On Wednesday, October 23rd starting at 18:15 PST (Thursday, October 24th starting at 10:15 JST), Treasure Data will be performing an upgrade of the main database for the US region.
The maintenance is necessary to upgrade the database storage to withstand future usage growth and it’s part of the remediation activities discussed in the postmortem of this incident https://status.treasuredata.com/incidents/zs55rsqkg189
NOTE: This maintenance notice only interests customers using the US region and not customers using the Tokyo or EU regions.
The database operation will take at most 15 minutes: we refer to this as maintenance phase. The systems directly connecting to the database, our REST APIs (https://api.treasuredata.com
) and Web Interface, will be majorly affected and be unreachable during this phase.
The maintenance will be followed by a recovery phase of at most 15 minutes. During this phase, the REST APIs and Web Interface will gradually return to their typical performance levels.
Below is a summary of the impact customers will observe:
* The REST API will become unreachable and respond with error codes 500 or similar. This will prevent all primary actions from occurring: for example, read/write/update/delete of databases, tables, scheduled and saved queries, data connector sources, and users, creation/submission of Presto and Hive queries and Data connector jobs.
* The Web Interface will not be fully functional. Similar impact as per the point above.
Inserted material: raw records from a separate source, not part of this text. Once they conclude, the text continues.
Lemma laplacian_connection_of (ip : {ffun Om2 -> A}) : (forall T, ip T = pair_c G (c2 T)) ->
  forall s, s \in L -> laplacian ip (connection_of s).1 = lapl_of (lap_c G s).1 (lap_c G s).2.
Proof.
move=> ip_G s Hs; case/and5P: L_ok => _ _ _ /allP Hlap _.
apply/ffunP => a; rewrite /laplacian /lapl_of ffunE [in RHS]ffunE ip_G /= c2_nabla_of c1_d.
by apply/eqP; move/allP: (Hlap _ Hs); apply; apply: allA_spec.
Qed.

Lemma laplacians_of_solutions (ip : {ffun Om2 -> A}) : (forall T, ip T = pair_c G (c2 T)) ->
  [/\ #|QLCs (gmetric beta)| = (n * size [seq lapl_of uv.1 uv.2 | uv <- laps])%N,
      forall p, p \in QLCs (gmetric beta) ->
        laplacian ip p.1 \in [seq lapl_of uv.1 uv.2 | uv <- laps] &
      forall Lap, Lap \in [seq lapl_of uv.1 uv.2 | uv <- laps] ->
        #|[set p in QLCs (gmetric beta) | laplacian ip p.1 == Lap]| = n].
Proof.
move=> ip_G; case/and5P: L_ok => _ _ HuL _ /and3P [/allP Hin /eqP Hsize /allP Hcount].
have uniq_map L' : uniq L' -> uniq (map connection_of L').
  by move=> HL'; rewrite (map_inj_in_uniq (in2W connection_of_inj)).
split.
- by rewrite (eq_card QLCs_eq) (card_uniqP (uniq_map _ HuL)) !size_map.
- move=> p; rewrite QLCs_eq => /mapP [s Hs ->].
  by rewrite (laplacian_connection_of ip_G Hs); apply: map_f; exact: Hin.
- move=> _ /mapP [uv Huv ->].
  have E : [set p in QLCs (gmetric beta) | laplacian ip p.1 == lapl_of uv.1 uv.2] =i
           map connection_of [seq s <- L | lap_c G s == uv].
    move=> p; rewrite inE QLCs_eq; apply/andP/mapP.
    + case=> /mapP [s Hs ->] /eqP; rewrite (laplacian_connection_of ip_G Hs) => Hl.
      exists s => //; rewrite mem_filter Hs andbT; move: Hl.
      by case: (lap_c G s) => u v /lapl_of_inj ->; case: uv {Huv}.
    + case=> s; rewrite mem_filter => /andP [/eqP Hu Hs] ->; split; first exact: map_f.
      by rewrite (laplacian_connection_of ip_G Hs) Hu.
  rewrite (eq_card E) (card_uniqP (uniq_map _ (filter_uniq _ HuL))).
  by rewrite size_map size_filter; apply/eqP; apply: Hcount.
Qed.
* The td command-line (CLI) commands will either fail (read requests) returning errors to the user or be delayed (write requests) until the maintenance is complete.
* Streaming import requests will fail: where fluentd / td-agent is being used (as recommended), event collection will continue locally on each device/server and will recover automatically once the maintenance is complete thanks to the built-in buffering and retry mechanisms.
* The execution of scheduled queries and connector jobs will be delayed. Already executing scheduled jobs will be completed or retried internally until they are. The jobs retrying mechanism may cause the execution of the jobs to last longer than expected and 15 minutes in the worst case.
* Workflows using Treasure Data operators (e.g. td>) will retry and regain full functionalities again after the upgrade. In case of workflow sessions failures, the customer can elect to resume them manually.
* The Presto JDBC / ODBC Gateway will report authentication failures to the clients (ODBC and JDBC clients and tools/services using them).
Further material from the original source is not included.